Britomartis is among the Minoan goddess figures that passed through the Mycenaeans' culture into classical Greek mythology, with transformations that are unclear in both transferrals.[1] For the Greeks Britomartis (Cretan dialect[2] for "sweet maiden", "sweet virgin"[3]) or Diktynna (derived by Hellenistic writers as from diktya, "hunting nets")[4] was a mountain nymph (an oread) whom Greeks recognized also in Artemis and in Aphaea, the "invisible" patroness of Aegina.[5]

Britomartis ("sweet maid") is an epithet that does not reveal the goddess's name,[6] nor her character, for it has the ring of an apotropaic euphemism.[7] The goddess addressed as "Britomartis" was worshipped as the Minoan goddess of mountains and hunting, an aspect of Potnia, the "Mistress". The oldest aspect of the Cretan Goddess was as Mother of Mountains, who appears on Minoan seals with the demonic features of a Gorgon, accompanied by the double-axes of power and gripping divine snakes. Her terror-inspiring aspect was softened by calling her Britomartis, the "good virgin", a euphemism to allay her dangerous aspect.

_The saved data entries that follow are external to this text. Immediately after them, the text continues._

(* Let $(M,J,g)$ be a quasi-K\''ahler manifold with Norden metric and let $\nabla'$ be the connection with totally skew-symmetric torsion $\nabla'_xy=\nabla_xy+Q(x,y)$, where $Q(x,y)=\frac14\{(\nabla_xJ)Jy-(\nabla_{Jx}J)y-2(\nabla_yJ)Jx\}$. Suppose the torsion of $\nabla'$ is parallel with respect to $\nabla'$ and the curvature tensor $R'$ of $\nabla'$ is a K\''ahler tensor. Then $$R'(x,y,z,w)=R(x,y,z,w)+g\bigl(Q(x,y),Q(z,w)\bigr)$$ for all vector fields $x,y,z,w$.
   Context: An almost complex manifold with Norden metric $(M,J,g)$ has $J^2=-\mathrm{Id}$, $g(Jx,Jy)=-g(x,y)$; $\nabla$ is the Levi-Civita connection of $g$, $F(x,y,z)=g((\nabla_xJ)y,z)$, and the manifold is quasi-K\''ahler if $F(x,y,z)+F(y,z,x)+F(z,x,y)=0$. The torsion of $\nabla'$ is $T(x,y)=\nabla'_xy-\nabla'_yx-[x,y]$. For a connection $D$, $R^D(x,y)z=D_xD_yz-D_yD_xz-D_{[x,y]}z$ and $R^D(x,y,z,w)=g(R^D(x,y)z,w)$; $R$ is the curvature of $\nabla$ and $R'$ that of $\nabla'$. A $(0,4)$-tensor $L$ is a K\''ahler tensor if $L(x,y,z,w)=-L(y,x,z,w)=-L(x,y,w,z)$, $L(x,y,z,w)+L(y,z,x,w)+L(z,x,y,w)=0$, and $L(x,y,Jz,Jw)=-L(x,y,z,w)$. *)

(* Algebraic (Lie--Rinehart) model of a smooth manifold:
   C  = algebra of smooth real functions (a commutative R-algebra) /\
   V  = C-module of vector fields,
   der x f  = x(f) (action of vector fields on functions) /\
   br x y   = Lie bracket [x,y]. *)
From HB Require Import structures.
From mathcomp Require Import all_boot all_order all_algebra.
From mathcomp Require Import reals.
Set Implicit Arguments. Unset Strict Implicit. Unset Printing Implicit Defensive.
Import Order.TTheory GRing.Theory Num.Theory.
Local Open Scope ring_scope.

Section Geometry.
Variables (R : realType) (C : comAlgType R) (V : lmodType C).

Definition rsc (r : R) (v : V) : V := (r%:A : C) *: v.

Definition is_vector_fields (der : V -> C -> C) (br : V -> V -> V) : Prop :=
  ((forall x (a : R) f h, der x (a *: f + h) = a *: der x f + der x h) /\
      (forall x f h, der x (f * h) = f * der x h + h * der x f) /\
      (forall (a : C) x y f, der (a *: x + y) f = a * der x f + der y f) /\
      (forall x y f, der (br x y) f = der x (der y f) - der y (der x f)) /\
      (forall x (a : R) y z, br x (rsc a y + z) = rsc a (br x y) + br x z) /\
      (forall x y, br x y = - br y x) /\
      (forall x y z, br x (br y z) + br y (br z x) + br z (br x y) = 0)
    /\ (forall x (f : C) y, br x (f *: y) = f *: br x y + der x f *: y)).

Definition is_metric (g : V -> V -> C) : Prop :=
  ((forall x y, g x y = g y x) /\
      (forall (a : C) x y z, g (a *: x + y) z = a * g x z + g y z)
    /\ (forall x, (forall y, g x y = 0) -> x = 0)).

Definition is_Norden (J : V -> V) (g : V -> V -> C) : Prop :=
  ((forall (a : C) x y, J (a *: x + y) = a *: J x + J y) /\
      (forall x, J (J x) = - x)
    /\ (forall x y, g (J x) (J y) = - g x y)).

Definition is_connection (der : V -> C -> C) (D : V -> V -> V) : Prop :=
  ((forall (a : C) x y z, D (a *: x + y) z = a *: D x z + D y z) /\
      (forall x y z, D x (y + z) = D x y + D x z)
    /\ (forall x (f : C) y, D x (f *: y) = f *: D x y + der x f *: y)).

Definition is_LeviCivita (der : V -> C -> C) (br : V -> V -> V)
  (g : V -> V -> C) (nabla : V -> V -> V) : Prop :=
  (is_connection der nabla /\
      (forall x y, nabla x y - nabla y x = br x y)
    /\ (forall x y z, der x (g y z) = g (nabla x y) z + g y (nabla x z))).

Definition nablaJ (J : V -> V) (nabla : V -> V -> V) (x y : V) : V :=
  nabla x (J y) - J (nabla x y).

Definition Ften (g : V -> V -> C) (J : V -> V) (nabla : V -> V -> V)
  (x y z : V) : C := g (nablaJ J nabla x y) z.

Definition quasi_Kaehler (g : V -> V -> C) (J : V -> V) (nabla : V -> V -> V)
  : Prop :=
  forall x y z, Ften g J nabla x y z + Ften g J nabla y z x
                + Ften g J nabla z x y = 0.

Definition Qten (J : V -> V) (nabla : V -> V -> V) (x y : V) : V :=
  rsc (4%:R^-1) (nablaJ J nabla x (J y) - nablaJ J nabla (J x) y
                 - rsc 2%:R (nablaJ J nabla y (J x))).

Definition nablap (J : V -> V) (nabla : V -> V -> V) (x y : V) : V :=
  nabla x y + Qten J nabla x y.

Definition torsion (br : V -> V -> V) (D : V -> V -> V) (x y : V) : V :=
  D x y - D y x - br x y.

Definition torsion_parallel (br : V -> V -> V) (D : V -> V -> V) : Prop :=
  forall x y z,
    D x (torsion br D y z) - torsion br D (D x y) z
    - torsion br D y (D x z) = 0.

Definition curv (br : V -> V -> V) (D : V -> V -> V) (x y z : V) : V :=
  D x (D y z) - D y (D x z) - D (br x y) z.

Definition curv4 (br : V -> V -> V) (g : V -> V -> C) (D : V -> V -> V)
  (x y z w : V) : C := g (curv br D x y z) w.

Definition Kaehler_tensor (J : V -> V) (L : V -> V -> V -> V -> C) : Prop :=
  (forall x y z w, L x y z w = - L y x z w) /\
  (forall x y z w, L x y z w = - L x y w z) /\
  (forall x y z w, L x y z w + L y z x w + L z x y w = 0) /\
  (forall x y z w, L x y (J z) (J w) = - L x y z w).

End Geometry.

From HB Require Import structures.
From mathcomp Require Import all_boot all_order all_algebra.
From mathcomp Require Import reals ring.
Set Implicit Arguments. Unset Strict Implicit. Unset Printing Implicit Defensive.
Import Order.TTheory GRing.Theory Num.Theory.
Local Open Scope ring_scope.

(* The quasi-Kaehler condition makes g(Q(x,y),z) totally skew-symmetric, so
   nabla' = nabla + Q is a metric connection whose torsion is 2Q.  Parallelism of
   this torsion expresses nabla Q through Q o Q, and the curvature of nabla + Q
   becomes  R'(x,y,z,w) = R(x,y,z,w) + 2 g(Q(x,y),Q(z,w)) - g(Q(x,z),Q(y,w))
   + g(Q(y,z),Q(x,w)).  Both R (torsion-free) and R' (a Kaehler tensor) satisfy
   the first Bianchi identity; the cyclic sum over (x,y,z) of this formula then
   gives 4 times the cyclic sum of g(Q(x,y),Q(z,w)), which therefore vanishes
   and reduces the formula to the claimed one. *)

Lemma morph_add0 (U W : zmodType) (f : U -> W) : {morph f : a b / a + b} -> f 0 = 0.
Proof. by move=> fD; apply: (addrI (f 0)); rewrite -fD !addr0. Qed.

Lemma morph_addN (U W : zmodType) (f : U -> W) :
  {morph f : a b / a + b} -> forall a, f (- a) = - f a.
Proof. by move=> fD a; apply: (addrI (f a)); rewrite -fD !subrr (morph_add0 fD). Qed.

Lemma bimorphNl (U W : zmodType) (f : U -> U -> W) :
  (forall x y z, f (x + y) z = f x z + f y z) -> forall x z, f (- x) z = - f x z.
Proof. by move=> fD x z; apply: (morph_addN (f := f^~ z)) => a b; apply: fD. Qed.

Lemma bimorphNr (U W : zmodType) (f : U -> U -> W) :
  (forall x y z, f x (y + z) = f x y + f x z) -> forall x z, f x (- z) = - f x z.
Proof. by move=> fD x z; apply: (bimorphNl (f := fun z x => f x z)) => ? ? ?; apply: fD. Qed.

Lemma lmod_natmul_eq0 (R : numFieldType) (W : lmodType R) (v : W) n :
  v *+ n.+1 = 0 -> v = 0.
Proof.
move=> vn0; rewrite -[v]scale1r.
have -> : (1 : R) = n.+1%:R^-1 *+ n.+1 by rewrite -[RHS]mulr_natr mulVf ?pnatr_eq0.
by rewrite -scalerMnl scalerMnr vn0 scaler0.
Qed.

Ltac ring_from E :=
  match type of E with ?e1 = ?e2 => transitivity (e1 - e2); [ring | by rewrite E subrr] end.

Definition deform (V : zmodType) (nab Q : V -> V -> V) (x y : V) : V :=
  nab x y + Q x y.

Section Metric.
Variables (R : realType) (C : comAlgType R) (V : lmodType C) (g : V -> V -> C).
Hypotheses (gC : forall x y, g x y = g y x)
  (gL : forall (a : C) x y z, g (a *: x + y) z = a * g x z + g y z)
  (g_nondeg : forall x, (forall y, g x y = 0) -> x = 0).

Lemma metricDl x y z : g (x + y) z = g x z + g y z.
Proof. by rewrite -{1}[x]scale1r gL mul1r. Qed.

Lemma metricDr x y z : g x (y + z) = g x y + g x z.
Proof. by rewrite gC metricDl !(gC x). Qed.

Let metricNl := bimorphNl metricDl.
Let metricNr := bimorphNr metricDr.

Lemma metric0l z : g 0 z = 0.
Proof. exact: (morph_add0 (f := g^~ z) (fun x y => metricDl x y z)). Qed.

Lemma metricZl a x z : g (a *: x) z = a * g x z.
Proof. by rewrite -[a *: x]addr0 gL metric0l addr0. Qed.

Lemma metric_eq u v : (forall w, g u w = g v w) -> u = v.
Proof.
by move=> guv; apply/subr0_eq/g_nondeg => w; rewrite metricDl metricNl guv subrr.
Qed.

Let metricE := (metricDl, metricNl, metricDr, metricNr, metricZl).

Section TorsionFree.
Variables (br nab : V -> V -> V).
Hypotheses (brN : forall x y, br x y = - br y x)
  (br_jacobi : forall x y z, br x (br y z) + br y (br z x) + br z (br x y) = 0)
  (nabDl : forall x y z, nab (x + y) z = nab x z + nab y z)
  (nabDr : forall x y z, nab x (y + z) = nab x y + nab x z)
  (nab_torsion_free : forall x y, nab x y - nab y x = br x y).

Let nabNl := bimorphNl nabDl.
Let nabNr := bimorphNr nabDr.

Lemma curv4_bianchi x y z w :
  curv4 br g nab x y z w + curv4 br g nab y z x w + curv4 br g nab z x y w = 0.
Proof.
have nab_br a b c : nab (br a b) c = nab c (nab a b) - nab c (nab b a) - br c (br a b).
  rewrite [br c _]brN -(nab_torsion_free (br a b) c) -(nab_torsion_free a b).
  by apply: metric_eq => u; rewrite !(metricE, nabDr, nabNr); ring.
by rewrite /curv4 /curv !nab_br -(metric0l w) -(br_jacobi x y z)
  !(metricE, nabDr, nabNr); ring.
Qed.

Section Deformation.
Variable Q : V -> V -> V.
Hypotheses (QDl : forall x y z, Q (x + y) z = Q x z + Q y z)
  (QDr : forall x y z, Q x (y + z) = Q x y + Q x z)
  (gQ_skewl : forall x y z, g (Q x y) z = - g (Q y x) z)
  (gQ_skewr : forall x y z, g (Q x y) z = - g (Q x z) y).

Let QNl := bimorphNl QDl.
Let QNr := bimorphNr QDr.

Lemma Q_skew x y : Q y x = - Q x y.
Proof. by apply: metric_eq => w; rewrite metricNl gQ_skewl. Qed.

Lemma metric_QQl a b c d : g (Q (Q a b) c) d = g (Q a b) (Q c d).
Proof. by rewrite gQ_skewl gQ_skewr opprK gC. Qed.

Lemma metric_QQr a b c d : g (Q a (Q b c)) d = - g (Q b c) (Q a d).
Proof. by rewrite gQ_skewr gC. Qed.

Lemma torsion_deform x y : torsion br (deform nab Q) x y = Q x y *+ 2.
Proof.
rewrite /torsion /deform -nab_torsion_free Q_skew mulr2n.
by apply: metric_eq => w; rewrite !metricE; ring.
Qed.

Lemma nab_Q_torsion_parallel : torsion_parallel br (deform nab Q) -> forall x y z,
  nab x (Q y z) = Q (nab x y) z + Q (Q x y) z + Q y (nab x z) + Q y (Q x z) - Q x (Q y z).
Proof.
move=> parT x y z; apply: metric_eq => w.
have := congr1 (g^~ w) (parT x y z).
rewrite !torsion_deform /deform metric0l.
rewrite !(mulr2n, nabDr, QDl, QDr, nabNr, QNl, QNr, metricE) => E.
apply: subr0_eq; apply: (@lmod_natmul_eq0 _ C _ 1); ring_from E.
Qed.

Lemma curv4_deform : torsion_parallel br (deform nab Q) -> forall x y z w,
  curv4 br g (deform nab Q) x y z w = curv4 br g nab x y z w
    + g (Q x y) (Q z w) *+ 2 - g (Q x z) (Q y w) + g (Q y z) (Q x w).
Proof.
move=> parT x y z w; rewrite /curv4 /curv /deform -(nab_torsion_free x y).
rewrite !(nabDl, nabNl, nabDr, nabNr, QDl, QNl, QDr, QNr, nab_Q_torsion_parallel parT).
rewrite (Q_skew x y) !(metricE, QNl, metric_QQl, metric_QQr); ring.
Qed.

Lemma curv4_deform_bianchi : torsion_parallel br (deform nab Q) ->
  (forall x y z w, curv4 br g (deform nab Q) x y z w
     + curv4 br g (deform nab Q) y z x w + curv4 br g (deform nab Q) z x y w = 0) ->
  forall x y z w,
    curv4 br g (deform nab Q) x y z w = curv4 br g nab x y z w + g (Q x y) (Q z w).
Proof.
move=> parT bianchiD x y z w.
have cyclicQQ : g (Q x y) (Q z w) + g (Q y z) (Q x w) + g (Q z x) (Q y w) = 0.
  have := congr2 (fun a b => a - b) (bianchiD x y z w) (curv4_bianchi x y z w).
  rewrite subr0 !(curv4_deform parT) (Q_skew z x) (Q_skew x y) (Q_skew y z) !metricNl => E.
  apply: (@lmod_natmul_eq0 _ C _ 3); ring_from E.
rewrite (curv4_deform parT) (Q_skew z x) metricNl.
apply: subr0_eq; ring_from cyclicQQ.
Qed.

End Deformation.

End TorsionFree.

Section QuasiKaehler.
Variables (der : V -> C -> C) (J : V -> V) (nab : V -> V -> V).
Hypotheses (JD : forall x y, J (x + y) = J x + J y) (JJ : forall x, J (J x) = - x)
  (gJJ : forall x y, g (J x) (J y) = - g x y)
  (nabDl : forall x y z, nab (x + y) z = nab x z + nab y z)
  (nabDr : forall x y z, nab x (y + z) = nab x y + nab x z)
  (nab_metric : forall x y z, der x (g y z) = g (nab x y) z + g y (nab x z))
  (qK : quasi_Kaehler g J nab).

Local Notation F := (Ften g J nab).

Lemma metricJ u v : g (J u) v = g u (J v).
Proof. by apply: oppr_inj; rewrite -gJJ JJ metricNl. Qed.

Lemma nablaJDl x y z : nablaJ J nab (x + y) z = nablaJ J nab x z + nablaJ J nab y z.
Proof. by apply: metric_eq => w; rewrite /nablaJ !(nabDl, JD, metricE); ring. Qed.

Lemma nablaJDr x y z : nablaJ J nab x (y + z) = nablaJ J nab x y + nablaJ J nab x z.
Proof. by apply: metric_eq => w; rewrite /nablaJ !(JD, nabDr, metricE); ring. Qed.

Lemma Ften_sym23 x y z : F x y z = F x z y.
Proof.
have := nab_metric x (J y) z; rewrite metricJ nab_metric (gC y) (gC (J y)) => E.
apply: subr0_eq; rewrite /Ften /nablaJ !metricE !metricJ.
ring_from (esym E).
Qed.

Lemma Ften_J x y z : F x (J y) z = - F x y (J z).
Proof. by rewrite /Ften /nablaJ JJ (bimorphNr nabDr) !metricE gJJ !metricJ; ring. Qed.

Let Q4 x y z := F x (J y) z - F (J x) y z - 2%:R * F y (J x) z.

Lemma metric_Qten x y z : g (Qten J nab x y) z = (4%:R^-1 : R)%:A * Q4 x y z.
Proof. by rewrite /Qten /rsc /Q4 /Ften !metricE scaler_nat. Qed.

Lemma QtenDl x y z : Qten J nab (x + y) z = Qten J nab x z + Qten J nab y z.
Proof.
apply: metric_eq => w; rewrite metricDl !metric_Qten /Q4 /Ften.
by rewrite !(JD, nablaJDl, nablaJDr, metricE); ring.
Qed.

Lemma QtenDr x y z : Qten J nab x (y + z) = Qten J nab x y + Qten J nab x z.
Proof.
apply: metric_eq => w; rewrite metricDl !metric_Qten /Q4 /Ften.
by rewrite !(JD, nablaJDl, nablaJDr, metricE); ring.
Qed.

Lemma metric_Qten_skewl x y z : g (Qten J nab x y) z = - g (Qten J nab y x) z.
Proof.
rewrite !metric_Qten -mulrN; congr (_ * _); apply: subr0_eq.
transitivity (- (F x (J y) z + F (J y) z x + F z x (J y))
              - (F (J x) y z + F y z (J x) + F z (J x) y)).
  by rewrite /Q4 (Ften_sym23 (J y) z x) (Ften_sym23 y z (J x)) (Ften_J z x y); ring.
by rewrite !qK oppr0 addr0.
Qed.

Lemma metric_Qten_skewr x y z : g (Qten J nab x y) z = - g (Qten J nab x z) y.
Proof.
rewrite !metric_Qten -mulrN; congr (_ * _); apply: subr0_eq.
transitivity (- 2%:R * (F (J x) y z + F y z (J x) + F z (J x) y)).
  by rewrite /Q4 (Ften_J x y z) (Ften_sym23 x (J z) y) (Ften_sym23 (J x) z y)
    (Ften_sym23 y (J x) z); ring.
by rewrite qK mulr0.
Qed.

End QuasiKaehler.

End Metric.

Theorem corollary5p2 (R : realType) (C : comAlgType R) (V : lmodType C)
  (der : V -> C -> C) (br : V -> V -> V) (g : V -> V -> C) (J : V -> V)
  (nabla : V -> V -> V) :
  is_vector_fields der br ->
  is_metric g ->
  is_Norden J g ->
  is_LeviCivita der br g nabla ->
  quasi_Kaehler g J nabla ->
  torsion_parallel br (nablap J nabla) ->
  Kaehler_tensor J (curv4 br g (nablap J nabla)) ->
  forall x y z w : V,
    curv4 br g (nablap J nabla) x y z w
    = curv4 br g nabla x y z w + g (Qten J nabla x y) (Qten J nabla z w).
Proof.
move=> [_ [_ [_ [_ [_ [brN [br_jacobi _]]]]]]] [gC [gL g_nondeg]] [JL [JJ gJJ]].
move=> [[nablaL [nablaDr _]] [nabla_torsion_free nabla_metric]] qK parT [_ [_ [bianchi _]]].
have JD x y : J (x + y) = J x + J y by rewrite -{1}[x]scale1r JL scale1r.
have nablaDl x y z : nabla (x + y) z = nabla x z + nabla y z.
  by rewrite -{1}[x]scale1r nablaL scale1r.
exact: (curv4_deform_bianchi gC gL g_nondeg brN br_jacobi nablaDl nablaDr
  nabla_torsion_free
  (QtenDl gL g_nondeg JD nablaDl nablaDr) (QtenDr gL g_nondeg JD nablaDl nablaDr)
  (metric_Qten_skewl gC gL JJ gJJ nablaDr nabla_metric qK)
  (metric_Qten_skewr gC gL JJ gJJ nablaDr nabla_metric qK) parT bianchi).
Qed.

Every element of the Classical myths that told of Britomartis served to reduce her power and scope, even literally to entrap her in nets (but only because she "wanted" to be entrapped). The traditional patriarchal bias of Greek writers even made her the "daughter" of Zeus (see below), rather than his patroness when he was an infant in her cave on Mount Dikte, and they made her own tamed, "evolved" and cultured Olympian aspect, the huntress Artemis, responsible for granting Britomartis status as a goddess, a mythic inversion. But the ancient goddess never quite disappeared and remained on the coins of Cretan cities, as herself or as Diktynna, the goddess of Mount Dikte, Zeus' birthplace. As Diktynna, winged and now represented with a human face, she stood on her ancient mountain, and grasped an animal in each hand, in the guise of Potnia Theron the Mistress of animals. The Greeks could only conceive of a mistress of animals as a huntress, but on the early seals she suckles griffons. Archaic representations of winged Artemis show that she evolved from Potnia theron, the Mistress of Animals.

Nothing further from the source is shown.